In this study, we report clinical characteristics, presentations, and outcomes of ED patients who reported ingestion of toxic coffee packets, a new pattern of synthetic cathinone use in Taiwan. Patients ingesting toxic coffee packets usually presented with sympathomimetic symptoms, which were mainly neurologic and cardiovascular symptoms and combative behavior. Mortality was rare in our series, but it did occur. Based on the confirmation test results in 10 patients, we considered that patients who reported ingesting these products were very likely to be exposed to synthetic cathinones. Multiple psychoactive substances exposure after toxic coffee packet ingestion was common.

Individuals who ingested toxic coffee packets tended to be young and predominantly male. This finding is similar to some reports of synthetic cathinone poisoning from other countries.^11,22–24 According to data from the Taiwan Food and Drug Administration (TFDA), the most predominant illicit drug used by people older than 40 years old in Taiwan is heroin, followed by amphetamine/methamphetamine. Illicit ketamine and other NPS are more popular in young people aged less than 30 years.¹⁵ A single-center study from Taiwan showed that lab-confirmed NPS users (mean age, 27.0 ± 9.9 years) were significantly younger than traditional drug (heroin or amphetamine/methamphetamine) users (37.0 ± 9.1 years).¹⁹ A possible explanation is that ketamine and toxic coffee packets cost less (10–20 USD for each packet) and are more affordable for young people and students.¹³ Another potential reason is that ketamine and some popular synthetic cathinones (e.g., mephedrone, methylone, chloromethcathinone, methyl-α-ethylaminopentiophenone, 4-chloroethcathinone, and ethylone) are classified as Schedule III drugs in Taiwan. Illicit narcotics and psychoactive agents are divided into four categories (Schedule I to Schedule IV) in Taiwan based on their addictive potential, illicit use liability, and social harm liability.^25,26 Unlike Schedule I or II drugs, illicit use of these Schedule III drugs does not involve criminal responsibility and is punished only with an administrative fine.²⁶ First-time users, usually young people, might feel less guilty and be more willing to use these drugs and share them with friends.
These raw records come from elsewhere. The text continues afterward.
(* Let $\mathbf{X}^{(1)}$ and $\mathbf{X}^{(2)}$ be $p$-variate random vectors with absolutely continuous distributions (populations $\Pi^{(1)}$, $\Pi^{(2)}$, with prior probabilities $\pi_1,\pi_2$). Fix a unit vector $\mathbf{u}\in\mathbb{R}^p$ and $\theta\in(0,1)$, and let $Q_Z^{(k)}(\theta;\mathbf{u})$ be the $\theta$-quantile of the continuous random variable $Z^{(k)}=\mathbf{u}^{\top}\mathbf{X}^{(k)}$, $k=1,2$. Let $Q_{\alpha}(\theta;\mathbf{u})=\min\{Q_Z^{(1)}(\theta;\mathbf{u}),Q_Z^{(2)}(\theta;\mathbf{u})\}$, and let $G_\alpha(\cdot;\mathbf{u})$, $g_\alpha(\cdot;\mathbf{u})$ and $\pi_\alpha$ be the distribution function (whose inverse gives $Q_\alpha$), density and prior probability of the population attaining this minimum; similarly let $Q_{\beta}(\theta;\mathbf{u})=\max\{Q_Z^{(1)}(\theta;\mathbf{u}),Q_Z^{(2)}(\theta;\mathbf{u})\}$ with corresponding $G_\beta(\cdot;\mathbf{u})$, $g_\beta(\cdot;\mathbf{u})$, $\pi_\beta$ for the other population. Consider the directional quantile classifier which assigns a new observation $\mathbf{y}$ to $\Pi^{(1)}$ if $\Phi^{(2)}(\theta;\mathbf{u}^{\top}\mathbf{y})-\Phi^{(1)}(\theta;\mathbf{u}^{\top}\mathbf{y})>0$ and to $\Pi^{(2)}$ otherwise. Then its probability of correct classification is $$\psi(\theta)=\pi_\alpha G_\alpha(\tilde Q(\theta;\mathbf{u});\mathbf{u})+\pi_\beta\{1-G_\beta(\tilde Q(\theta;\mathbf{u});\mathbf{u})\},$$ where $\tilde Q(\theta;\mathbf{u})=\theta Q_\alpha(\theta;\mathbf{u})+(1-\theta)Q_\beta(\theta;\mathbf{u})$, and analogously its misclassification rate is $$1-\psi(\theta)=\pi_\alpha\{1-G_\alpha(\tilde Q(\theta;\mathbf{u});\mathbf{u})\}+\pi_\beta G_\beta(\tilde Q(\theta;\mathbf{u});\mathbf{u}).$$
   Context: For $k=1,2$ and a real number $z$, $\Phi^{(k)}(\theta;z)=\{\theta+(1-2\theta)I(z-Q_Z^{(k)}(\theta;\mathbf{u})<0)\}\,|z-Q_Z^{(k)}(\theta;\mathbf{u})|$, where $I(\cdot)$ is the indicator function. The $\theta$-quantile $Q_Z^{(k)}(\theta;\mathbf{u})$ is the $\theta$th directional quantile of $\mathbf{X}^{(k)}$ in direction $\mathbf{u}$. *)

From HB Require Import structures.
From mathcomp Require Import all_boot all_order all_algebra.
From mathcomp Require Import all_classical all_reals all_analysis.
Set Implicit Arguments. Unset Strict Implicit. Unset Printing Implicit Defensive.
Import Order.TTheory GRing.Theory Num.Theory.
Local Open Scope classical_set_scope.
Local Open Scope ring_scope.

Definition inner (R : realType) (p : nat) (u x : 'rV[R]_p) : R :=
  \sum_(i < p) u 0 i * x 0 i.

Definition check_loss (R : realType) (theta z Q : R) : R :=
  (theta + (1 - 2 * theta) * ((z - Q < 0)%R : bool)%:R) * `|z - Q|.

Definition rV_lebesgue_null (R : realType) (p : nat) (A : set 'rV[R]_p) : Prop :=
  forall e : R, 0 < e ->
  exists a b : nat -> 'rV[R]_p,
    [/\ (forall n i, a n 0 i <= b n 0 i),
        A `<=` \bigcup_n [set x | forall i, a n 0 i <= x 0 i <= b n 0 i]
      & (forall N, \sum_(n < N) \prod_(i < p) (b n 0 i - a n 0 i) <= e)].

Definition quantile (R : realType) (G : R -> R) (theta : R) : R :=
  inf [set x | theta <= G x].

Definition pop1 : 'I_2 := ord0.
Definition pop2 : 'I_2 := ord_max.

From HB Require Import structures.
From mathcomp Require Import all_boot all_order all_algebra.
From mathcomp Require Import all_classical all_reals all_analysis.
From mathcomp Require Import lra.
Set Implicit Arguments. Unset Strict Implicit. Unset Printing Implicit Defensive.
Import Order.TTheory GRing.Theory Num.Theory.
Local Open Scope classical_set_scope.
Local Open Scope ring_scope.

(* For 0 < theta < 1 and quantiles q_alpha < q_beta, the check-loss gap
   Phi_beta(z) - Phi_alpha(z) is positive exactly when z lies below the
   convex combination theta q_alpha + (1 - theta) q_beta.  The classifier is
   therefore a threshold rule on Z = u^T y at that point, so its success
   probability is a combination of the distribution functions of Z^(1) and
   Z^(2) at the threshold; the boundary itself is a null event because
   Z^(k) is continuous. *)

Lemma check_lossE (R : realType) (theta z q : R) :
  check_loss theta z q = if z < q then (1 - theta) * (q - z) else theta * (z - q).
Proof.
rewrite /check_loss subr_lt0; case: ltP => zq /=.
- by rewrite ltr0_norm ?subr_lt0 //; lra.
- by rewrite ger0_norm ?subr_ge0 //; lra.
Qed.

Section check_loss_comparison.
Variables (R : realType) (theta z : R).
Hypothesis theta01 : 0 < theta < 1.

Lemma lt_check_loss_below (q1 q2 : R) : q1 < q2 ->
  (check_loss theta z q1 < check_loss theta z q2) = (z < theta * q1 + (1 - theta) * q2).
Proof.
case/andP: theta01 => theta0 theta1 q12; rewrite !check_lossE.
by case: (ltP z q1) => ?; case: (ltP z q2) => ?; apply/idP/idP; nra.
Qed.

Lemma lt_check_loss_above (q1 q2 : R) : q2 < q1 ->
  (check_loss theta z q1 < check_loss theta z q2) = (theta * q2 + (1 - theta) * q1 < z).
Proof.
case/andP: theta01 => theta0 theta1 q21; rewrite !check_lossE.
by case: (ltP z q1) => ?; case: (ltP z q2) => ?; apply/idP/idP; nra.
Qed.

End check_loss_comparison.

Lemma measurable_inner (R : realType) (d : measure_display) (T : measurableType d)
    (p : nat) (u : 'rV[R]_p) (Y : T -> 'rV[R]_p) :
  (forall i, measurable_fun setT (fun t => Y t 0 i)) ->
  measurable_fun setT (fun t => inner u (Y t)).
Proof.
move=> mY; apply: measurable_sum => i.
exact: measurable_realfun.measurable_funM (measurable_cst _) (mY i).
Qed.

Section continuous_real_variable.
Variables (R : realType) (d : measure_display) (T : measurableType d).
Variables (P : probability T R) (f : T -> R).
Hypothesis mf : measurable_fun setT f.

Lemma measurable_ler_set (c : R) : measurable [set t | f t <= c].
Proof.
have := mf measurableT (measurable_itv `]-oo, c]); rewrite setTI.
by congr measurable; apply/seteqP; split=> t /=; rewrite in_itv.
Qed.

Lemma measurable_ltr_set (c : R) : measurable [set t | f t < c].
Proof.
have := mf measurableT (measurable_itv `]-oo, c[); rewrite setTI.
by congr measurable; apply/seteqP; split=> t /=; rewrite in_itv.
Qed.

Lemma measurable_gtr_set (c : R) : measurable [set t | c < f t].
Proof.
have := mf measurableT (measurable_itv `]c, +oo[); rewrite setTI.
by congr measurable; apply/seteqP; split=> t /=; rewrite in_itv andbT.
Qed.

Lemma fine_probability_not (b : T -> bool) : measurable [set t | b t] ->
  fine (P [set t | ~~ b t]) = 1 - fine (P [set t | b t]).
Proof.
move=> mb; have -> : [set t | ~~ b t] = ~` [set t | b t].
  by apply/seteqP; split=> t /= /negP.
by rewrite probability_setC // fineB ?fin_num_measure.
Qed.

Lemma fine_probability_gtr (c : R) :
  fine (P [set t | c < f t]) = 1 - fine (P [set t | f t <= c]).
Proof.
have -> : [set t | c < f t] = [set t | ~~ (f t <= c)].
  by apply/eq_set => t; rewrite real_ltNge ?num_real.
exact/fine_probability_not/measurable_ler_set.
Qed.

Variable c : R.
Hypothesis f_nonatomic : P [set t | f t = c] = 0%E.

Lemma fine_probability_ltr :
  fine (P [set t | f t < c]) = fine (P [set t | f t <= c]).
Proof.
have -> : [set t | f t <= c] = [set t | f t < c] `|` [set t | f t = c].
  apply/seteqP; split=> t /=; last by case=> [/ltW|->].
  by rewrite le_eqVlt => /orP[/eqP->|->]; [right|left].
rewrite measureU /=.
- by rewrite f_nonatomic adde0.
- exact: measurable_ltr_set.
- by have := mf measurableT (measurable_set1 c); rewrite setTI.
- by apply/seteqP; split=> t // [/= + ftc]; rewrite ftc ltxx.
Qed.

End continuous_real_variable.

Lemma neq_pops (a b : 'I_2) : a != b ->
  (a = pop1 /\ b = pop2) \/ (a = pop2 /\ b = pop1).
Proof.
have pops (k : 'I_2) : k = pop1 \/ k = pop2.
  by case: k => -[|[|//]] ?; [left|right]; apply: val_inj.
by case: (pops a) => ->; case: (pops b) => ->; rewrite ?eqxx; auto.
Qed.

Theorem lemma1 (R : realType) (d : measure_display) (T : measurableType d)
  (P : probability T R) (p : nat) (X : 'I_2 -> T -> 'rV[R]_p)
  (pi : 'I_2 -> R) (u : 'rV[R]_p) (theta : R) :
  (forall k i, measurable_fun setT (fun t => X k t 0 i)) ->
  (* absolutely continuous p-variate distributions *)
  (forall k (A : set 'rV[R]_p), rV_lebesgue_null A -> P.-negligible (X k @^-1` A)) ->
  (* Z^(k) = u^T X^(k) is a continuous random variable *)
  (forall k c, P [set t | inner u (X k t) = c] = 0%E) ->
  (forall k, 0 <= pi k) -> pi pop1 + pi pop2 = 1 ->
  inner u u = 1 ->
  0 < theta < 1 ->
  let Z k t := inner u (X k t) in
  let G k x := fine (P [set t | Z k t <= x]) in
  let Q k := quantile (G k) theta in
  let Phi k z := check_loss theta z (Q k) in
  let assign1 (y : 'rV[R]_p) := 0 < Phi pop2 (inner u y) - Phi pop1 (inner u y) in
  let psi := pi pop1 * fine (P [set t | assign1 (X pop1 t)])
           + pi pop2 * fine (P [set t | ~~ assign1 (X pop2 t)]) in
  Q pop1 != Q pop2 ->
  forall a b : 'I_2, a != b ->
  Q a = Num.min (Q pop1) (Q pop2) -> Q b = Num.max (Q pop1) (Q pop2) ->
  let Qt := theta * Q a + (1 - theta) * Q b in
  psi = pi a * G a Qt + pi b * (1 - G b Qt) /\
  1 - psi = pi a * (1 - G a Qt) + pi b * G b Qt.
Proof.
move=> mX _ Zcont _ pi1 _ theta01 Z G Q Phi assign1 psi Q12 a b ab Qa Qb Qt.
have mZ k : measurable_fun setT (Z k) := measurable_inner u (mX k).
have ltQab : Q a < Q b.
  rewrite lt_neqAle {2}Qa {2}Qb ge_min le_max lexx andbT.
  by case: (neq_pops ab) => -[-> ->]; rewrite // eq_sym.
case: (neq_pops ab) => -[ea eb]; subst a b; rewrite /psi.
- have -> : assign1 = fun y => inner u y < Qt.
    by apply/funext => y; rewrite /assign1 subr_gt0 lt_check_loss_below.
  rewrite fine_probability_not; last exact: measurable_ltr_set (mZ pop2) Qt.
  rewrite !(fine_probability_ltr (mZ _) (Zcont _ _)).
  by rewrite /G; split; lra.
- have -> : assign1 = fun y => Qt < inner u y.
    by apply/funext => y; rewrite /assign1 subr_gt0 lt_check_loss_above.
  rewrite fine_probability_not; last exact: measurable_gtr_set (mZ pop2) Qt.
  rewrite !(fine_probability_gtr P (mZ _)).
  by rewrite /G; split; lra.
Qed.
According to the confirmation test results in some of our patients, multiple substance exposure is common among toxic coffee packet users. Previous case series from Taiwan demonstrated the same finding.^17–19 A recent study from Taiwan further reported that polysubstance exposure was more common in NPS users than in traditional drug users.¹⁹ Polysubstance use was also a common phenomenon in “bath salt” users in the United States and Europe.^27–29 Since the majority of our patients reported ingesting only toxic coffee packets, our findings indirectly imply that patients who ingested this product in fact simultaneously ingested various psychoactive substances. Both consumers and sellers, most likely unknowingly, are confronted with the risk of criminalization and potential harm. Some evidence showed that concurrent exposure to other stimulants with synthetic cathinones may enhance toxicity.^30–32 The only fatality in our series (case no. 1 in Table 2) was exposed to a mixture of NPS including N-ethylpentylone and 25B-NBOMe (a phenethylamine derivative) following ingestion of toxic coffee packets. This new pattern of polysubstance exposure caused by toxic coffee packets has brought new threats to public health in Taiwan. Moreover, this phenomenon may have occurred in some of the other Southeast Asian countries despite not being formally reported in the literature.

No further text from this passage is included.